5 big questions entering NHL season
Every new NHL season brings numerous question marks, and there are more than usual heading into 2021-22.
The league returns to an 82-game schedule after each team played 26 fewer contests in 2021, and after the 2019-20 regular season was cut short before those playoffs took place in bubbles.
Additionally, the Seattle Kraken embark on their inaugural campaign. Many wondered whether they'd take the NHL by storm as the Golden Knights did in 2017-18, but that appears unlikely with opposing organizations better prepared for the 2021 expansion draft and that now-perennially elite Vegas team in the same division.
Here are five significant questions as the upcoming campaign draws near:
Can the Lightning pull off a 3-peat?
The Tampa Bay Lightning accomplished an impressive feat with their second consecutive Stanley Cup championship in July, but it's not going to be easy to win a third straight. The last time an NHL team won the Cup three times in a row was nearly four decades ago when the New York Islanders prevailed in four straight years from 1980 to 1983.

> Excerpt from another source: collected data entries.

(* Let $\Sigma$ be a normal rule set and $D$ a database, let $P$ be a prioritization of $\Sigma$ and $w$ a weight assignment on $\Sigma$. For each preference $\preceq\,\in\{\subseteq_P,\le,\le_P,\le_w\}$, every repair of $\Sigma$ w.r.t. $\preceq$ and $D$ is a repair of $\Sigma$ w.r.t. $\subseteq$ (set inclusion) and $D$.
   Context: A database is a finite set of atoms whose arguments are constants. A normal (existential) rule is a sentence $\forall\mathbf{x}\forall\mathbf{y}\,(\varphi(\mathbf{x},\mathbf{y})\rightarrow\exists\mathbf{z}\,\psi(\mathbf{x},\mathbf{z}))$ where $\varphi$ is a conjunction of literals (atoms or negated atoms), $\psi$ is a conjunction of atoms or $\bot$ (a constraint), and every universally quantified variable occurs in a positive conjunct of $\varphi$; a normal rule set is a finite set of such rules. Stable models of $D\cup\Sigma$ are the Gelfond–Lifschitz stable models of the normal logic program $D\cup\mathsf{sk}(\Sigma)$, where $\mathsf{sk}$ replaces each existential variable $z$ of a rule $r$ by $f^r_z(\mathbf{x})$ with a fresh function symbol and $\neg$ by default negation (constraints exclude models satisfying their bodies). For a preorder $\preceq$ on the power set of $\Sigma$, write $S\prec S'$ if $S\preceq S'$ and $S'\not\preceq S$; a subset $S\subseteq\Sigma$ is a repair w.r.t. $\preceq$ and $D$ if $D\cup S$ has a stable model and for every $S'\subseteq\Sigma$ with $S\prec S'$, $D\cup S'$ has no stable model. Preferences: $S\le S'$ iff $|S|\le|S'|$. A prioritization of $\Sigma$ is a tuple $P=\langle P_1,\dots,P_n\rangle$ where $\{P_1,\dots,P_n\}$ is a partition of $\Sigma$; $S\subseteq_P S'$ iff $S\cap P_i=S'\cap P_i$ for all $i$, or there is $i$ with $S\cap P_i\subsetneq S'\cap P_i$ and $S\cap P_j=S'\cap P_j$ for all $j<i$; $S\le_P S'$ iff $|S\cap P_i|=|S'\cap P_i|$ for all $i$, or there is $i$ with $|S\cap P_i|<|S'\cap P_i|$ and $|S\cap P_j|=|S'\cap P_j|$ for all $j<i$. A weight assignment is a function $w:\Sigma\to\mathbb{N}$, and $S\le_w S'$ iff $\sum_{r\in S}w(r)\le\sum_{r\in S'}w(r)$. *)

From HB Require Import structures.
From mathcomp Require Import all_boot.
From Stdlib Require List.
Set Implicit Arguments. Unset Strict Implicit. Unset Printing Implicit Defensive.

Inductive rterm := RVar of nat | RConst of nat.
Definition ratom := (nat * list rterm)%type.

(* A rule  body_pos /\ ~body_neg -> exists z. head.
   head = None encodes the constraint head "bottom";
   head = Some h encodes the conjunction of the atoms of h.
   Universally quantified variables = variables of the body;
   existential variables = variables of the head not occurring in the body. *)
Record rule := Rule {
  body_pos : list ratom;
  body_neg : list ratom;
  head : option (list ratom) }.

Definition vars_atom (a : ratom) : list nat :=
  pmap (fun t => if t is RVar v then Some v else None) a.2.
Definition vars (s : list ratom) : list nat := flatten (map vars_atom s).

Definition normal_rule (r : rule) : Prop :=
  (forall v, List.In v (vars (body_neg r)) -> List.In v (vars (body_pos r))) /\
  (match head r with None => True | Some h => h <> nil end).

Inductive gterm (F : Type) : Type :=
  | GConst : nat -> gterm F
  | GFun : F -> list (gterm F) -> gterm F.
Arguments GConst {F}.
Arguments GFun {F}.

Definition gatom (F : Type) := (nat * list (gterm F))%type.
Definition interp (F : Type) := gatom F -> Prop.

(* Frontier variables x of a rule (universal variables occurring in the head),
   in a fixed order: the arguments of the Skolem terms f^r_z(x). *)
Definition frontier (r : rule) : list nat :=
  [seq v <- undup (vars (odflt nil (head r))) | v \in vars (body_pos r)].

Definition inst_body (F : Type) (s : nat -> gterm F) (a : ratom) : gatom F :=
  (a.1, map (fun t => match t with RVar v => s v | RConst c => GConst c end) a.2).

(* Skolemised head instance: the existential variable z of rule (index) i
   becomes f^i_z(x), represented by GFun (i, z) (s x). *)
Definition inst_head (I : Type) (i : I) (r : rule) (s : nat -> gterm (I * nat))
    (a : ratom) : gatom (I * nat) :=
  (a.1, map (fun t => match t with
                      | RConst c => GConst c
                      | RVar v => if v \in vars (body_pos r) then s v
                                  else GFun (i, v) (map s (frontier r))
                      end) a.2).

Definition db := list (nat * list nat).
Definition db_atom (F : Type) (a : nat * list nat) : gatom F := (a.1, map GConst a.2).
Arguments db_atom {F}.

(** * Stable models of D u sk(S), S a subset of the rule set
    (rule set = finite family rl : T -> rule indexed by the finType T). *)

(* X is closed under the (ground) Gelfond-Lifschitz reduct of D u sk(S) w.r.t. M *)
Definition reduct_closed (T : finType) (rl : T -> rule) (D : db) (S : {set T})
    (M X : interp (T * nat)) : Prop :=
  (forall a, List.In a D -> X (db_atom a)) /\
  (forall (i : T) (s : nat -> gterm (T * nat)), i \in S ->
     (forall a, List.In a (body_pos (rl i)) -> X (inst_body s a)) ->
     (forall a, List.In a (body_neg (rl i)) -> ~ M (inst_body s a)) ->
     forall h, head (rl i) = Some h ->
     forall a, List.In a h -> X (inst_head i (rl i) s a)).

Definition stable_model (T : finType) (rl : T -> rule) (D : db) (S : {set T})
    (M : interp (T * nat)) : Prop :=
  (* M is the least model of the reduct w.r.t. M *)
  reduct_closed rl D S M M /\
  (forall X, reduct_closed rl D S M X -> forall a, M a -> X a) /\
  (forall (i : T) (s : nat -> gterm (T * nat)), i \in S -> head (rl i) = None ->
     ~ ((forall a, List.In a (body_pos (rl i)) -> M (inst_body s a)) /\
        (forall a, List.In a (body_neg (rl i)) -> ~ M (inst_body s a)))).

Definition has_stable_model (T : finType) (rl : T -> rule) (D : db) (S : {set T}) : Prop :=
  exists M, stable_model rl D S M.

Definition pref (T : finType) := {set T} -> {set T} -> Prop.

Definition strict_pref (T : finType) (p : pref T) (S S' : {set T}) : Prop :=
  p S S' /\ ~ p S' S.

Definition is_repair (T : finType) (rl : T -> rule) (D : db) (p : pref T)
    (S : {set T}) : Prop :=
  has_stable_model rl D S /\
  forall S' : {set T}, strict_pref p S S' -> ~ has_stable_model rl D S'.

Definition subset_pref (T : finType) : pref T := fun S S' => S \subset S'.
Definition card_pref (T : finType) : pref T := fun S S' => #|S| <= #|S'|.
Definition weight_pref (T : finType) (w : T -> nat) : pref T :=
  fun S S' => \sum_(r in S) w r <= \sum_(r in S') w r.

(* P = <P_1,...,P_n> as a sequence of blocks (P_{i+1} = nth set0 P i). *)
Definition prioritization (T : finType) (P : seq {set T}) : Prop :=
  all (fun B => B != set0) P /\
  (forall i j, i < j -> j < size P -> [disjoint nth set0 P i & nth set0 P j]) /\
  (forall r : T, exists2 B, B \in P & r \in B).

Definition prio_sub_pref (T : finType) (P : seq {set T}) : pref T :=
  fun S S' =>
    (forall i, i < size P -> S :&: nth set0 P i = S' :&: nth set0 P i) \/
    (exists i, i < size P /\ (S :&: nth set0 P i) \proper (S' :&: nth set0 P i) /\
       forall j, j < i -> S :&: nth set0 P j = S' :&: nth set0 P j).

Definition prio_card_pref (T : finType) (P : seq {set T}) : pref T :=
  fun S S' =>
    (forall i, i < size P -> #|S :&: nth set0 P i| = #|S' :&: nth set0 P i|) \/
    (exists i, i < size P /\ #|S :&: nth set0 P i| < #|S' :&: nth set0 P i| /\
       forall j, j < i -> #|S :&: nth set0 P j| = #|S' :&: nth set0 P j|).

From mathcomp Require Import all_boot.

(* Each of the four preferences strictly prefers a proper superset: a rule set
   S' strictly containing S contains strictly more rules of the first block of
   P on which S and S' differ, more rules in total, and more total weight.
   Hence a maximal set for any of them admits no satisfiable proper superset,
   i.e. it is maximal for inclusion. *)

Section Repairs.
Variable T : finType.

Definition proper_strict (p : pref T) : Prop :=
  forall S1 S2 : {set T}, S1 \proper S2 -> strict_pref p S1 S2.

Lemma repair_subset_pref (rl : T -> rule) (D : db) (p : pref T) (S : {set T}) :
  proper_strict p -> is_repair rl D p S -> is_repair rl D (@subset_pref T) S.
Proof.
move=> pstrict [hasS maxS]; split=> // S' [subSS' not_subS'S].
by apply: maxS; apply: pstrict; rewrite properE subSS'; apply/negP.
Qed.

Lemma proper_first_block (P : seq {set T}) (S1 S2 : {set T}) :
  (forall r : T, exists2 B, B \in P & r \in B) -> S1 \proper S2 ->
  exists i, [/\ i < size P, S1 :&: nth set0 P i \proper S2 :&: nth set0 P i &
     forall j, j < i -> S1 :&: nth set0 P j = S2 :&: nth set0 P j].
Proof.
move=> cover /properP [sub12 [r rS2 rS1]].
have [B BP rB] := cover r.
have differ : exists i, (i < size P) && (S1 :&: nth set0 P i != S2 :&: nth set0 P i).
  exists (index B P); rewrite index_mem BP nth_index //=.
  by apply/eqP => /setP /(_ r); rewrite !inE rB rS2 (negbTE rS1).
have [i /andP [iP neq_i] min_i] := ex_minnP differ.
exists i; split => //; first by rewrite properEneq neq_i setSI.
move=> j lt_ji; apply/eqP/negbNE/negP => neq_j.
by move: (min_i j); rewrite neq_j (ltn_trans lt_ji iP) leqNgt lt_ji => /(_ isT).
Qed.

Lemma card_pref_proper_strict : proper_strict (@card_pref T).
Proof.
move=> S1 S2 /proper_card lt12.
by split; [exact: ltnW | rewrite /card_pref leqNgt lt12].
Qed.

Lemma weight_pref_proper_strict (w : T -> nat) :
  (forall r, 0 < w r) -> proper_strict (weight_pref w).
Proof.
move=> wpos S1 S2 pr12; have [sub12 [r rS2 rS1]] := properP pr12.
have lt12 : \sum_(x in S1) w x < \sum_(x in S2) w x.
  rewrite (big_setID S1 (A := S2)) /= (setIidPr sub12) -[X in X < _]addn0.
  rewrite ltn_add2l (bigD1 r) /=; last by rewrite !inE rS1 rS2.
  exact: leq_trans (wpos r) (leq_addr _ _).
by split; [exact: ltnW | rewrite /weight_pref leqNgt lt12].
Qed.

Variable P : seq {set T}.
Hypothesis prioP : prioritization P.

Lemma prio_sub_pref_proper_strict : proper_strict (prio_sub_pref P).
Proof.
have [_ [_ cover]] := prioP.
move=> S1 S2 pr12; have sub12 := proper_sub pr12.
have [i [iP pr_i eq_lt_i]] := @proper_first_block P S1 S2 cover pr12.
split; first by right; exists i.
case=> [eq21 | [j [_ [pr_j _]]]].
  by move: pr_i; rewrite (eq21 i iP) properxx.
by move: pr_j; rewrite properE (setSI _ sub12) andbF.
Qed.

Lemma prio_card_pref_proper_strict : proper_strict (prio_card_pref P).
Proof.
have [_ [_ cover]] := prioP.
move=> S1 S2 pr12; have sub12 := proper_sub pr12.
have [i [iP /proper_card lt_i eq_lt_i]] := @proper_first_block P S1 S2 cover pr12.
split; first by right; exists i; split=> //; split=> // j /eq_lt_i ->.
case=> [eq21 | [j [_ [lt_j _]]]].
  by move: lt_i; rewrite (eq21 i iP) ltnn.
by move: lt_j; rewrite ltnNge subset_leq_card // setSI.
Qed.

End Repairs.

Theorem theorem1 (T : finType) (rl : T -> rule) (D : db) (P : seq {set T})
    (w : T -> nat) :
  (forall r : T, normal_rule (rl r)) ->
  prioritization P ->
  (forall r : T, 0 < w r) ->
  forall S : {set T},
    (is_repair rl D (prio_sub_pref P) S -> is_repair rl D (@subset_pref T) S) /\
    (is_repair rl D (@card_pref T) S -> is_repair rl D (@subset_pref T) S) /\
    (is_repair rl D (prio_card_pref P) S -> is_repair rl D (@subset_pref T) S) /\
    (is_repair rl D (weight_pref w) S -> is_repair rl D (@subset_pref T) S).
Proof.
move=> _ prioP wpos S; split; [|split; [|split]]; apply: repair_subset_pref.
- exact: prio_sub_pref_proper_strict.
- exact: card_pref_proper_strict.
- exact: prio_card_pref_proper_strict.
- exact: weight_pref_proper_strict.
Qed.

It's also much harder to do it in the salary cap era. The Lightning lost Blake Coleman, Yanni Gourde, David Savard, and Tyler Johnson this offseason, and they added Corey Perry, Pierre-Edouard Bellemare, and Zach Bogosian, among others.
However, if any team can do it, it's this powerhouse Tampa Bay squad. Nikita Kucherov, Victor Hedman, Andrei Vasilevskiy, Brayden Point, and Steven Stamkos lead a dominant core full of all-world talent that remains intact, and the club's depth is still solid enough to ensure another Cup run.
How will the Eichel saga end?
It seemed the Sabres would move Eichel during the offseason, but that didn't come to fruition, presumably because other teams felt Buffalo's asking price was too high considering the risks. The internal rift between the center's camp and the club over the type of surgery he ultimately undergoes is further complicating a resolution, as well.
The Sabres stripped Eichel of his captaincy after he failed his physical at training camp, and the soon-to-be 25-year-old is now on injured reserve. That doesn't mean he'll never play for Buffalo again, but it's hard to imagine the 2015 second overall pick remaining with the team long term. However, he'll need to demonstrate he's healthy before another organization parts with assets to land him, and there's no telling when or if that'll happen, so this situation may not be settled for a while.
What will McDavid do for an encore?
Connor McDavid's 2021 season was one for the ages, so what does he have in store for the upcoming campaign? The Edmonton Oilers superstar racked up an unbelievable league-best 105 points while playing in all 56 games. His 72 assists were 19 more than the next-closest player's - his teammate, Leon Draisaitl - and his point total topped Draisaitl's for first by 21.
McDavid became only the second player ever - the other being Wayne Gretzky in 1981-82 - to win the Hart Trophy unanimously. And he may match, or even exceed, that performance if offseason signing Zach Hyman's puck-retrieval skills give McDavid more opportunities than he's had previously.
The Edmonton captain is already entering his seventh season, but he's still only 24 years old. The fact that McDavid has already achieved so much personal success and hasn't even entered his prime yet is a scary thought for opponents and their fans, but it's exciting for the game as a whole.
Can the Maple Leafs finally win a playoff round?
The Toronto Maple Leafs' repeated playoff failures have become a source of amusement for opposing fans, especially considering how much the club pays its top four forwards. But the team's postseason struggles are no laughing matter in Toronto, where the pressure to win is among the highest of any market.
The Maple Leafs have failed to make it out of the first round in four of the last five years and didn't even reach that stage in the other, losing in the qualifying round in 2020. They had an easier road last season thanks to the NHL's temporary divisional realignment, but the Montreal Canadiens rallied to eliminate them in seven games. Toronto's offseason was underwhelming, and now the Maple Leafs are back in the loaded Atlantic Division with the two-time defending Stanley Cup champions, among other perennially competitive adversaries.
Toronto is clearly a talented team and has been for a handful of years, but it needs to end its string of premature exits to avoid a potential major shakeup. The Maple Leafs certainly can win a first-round series in 2021-22 to silence the criticism, but the subject will loom over them until the day they do it.
How will COVID-19 affect the NHL over a full season?
The NHL is bringing back the usual schedule, but COVID-19 is still prevalent in many parts of North America. So how will the league handle a complete regular-season slate amid those conditions?
Very few NHL personnel tested positive to begin the last campaign, but numerous players, coaches, and executives contracted the virus as 2021 progressed, even with an increased vaccination rate toward season's end. More importantly, many arenas relaxed capacity restrictions despite the continuing spread.
Nearly all NHL players are vaccinated heading into this season, which is definitely encouraging. The league's new COVID-19 protocols also appear prudent, as they limit what unvaccinated players can do while allowing teams to discipline them. But even with most personnel fully vaccinated in 2021-22, it could still be a challenge to keep team members and fans safe over an eight-month season.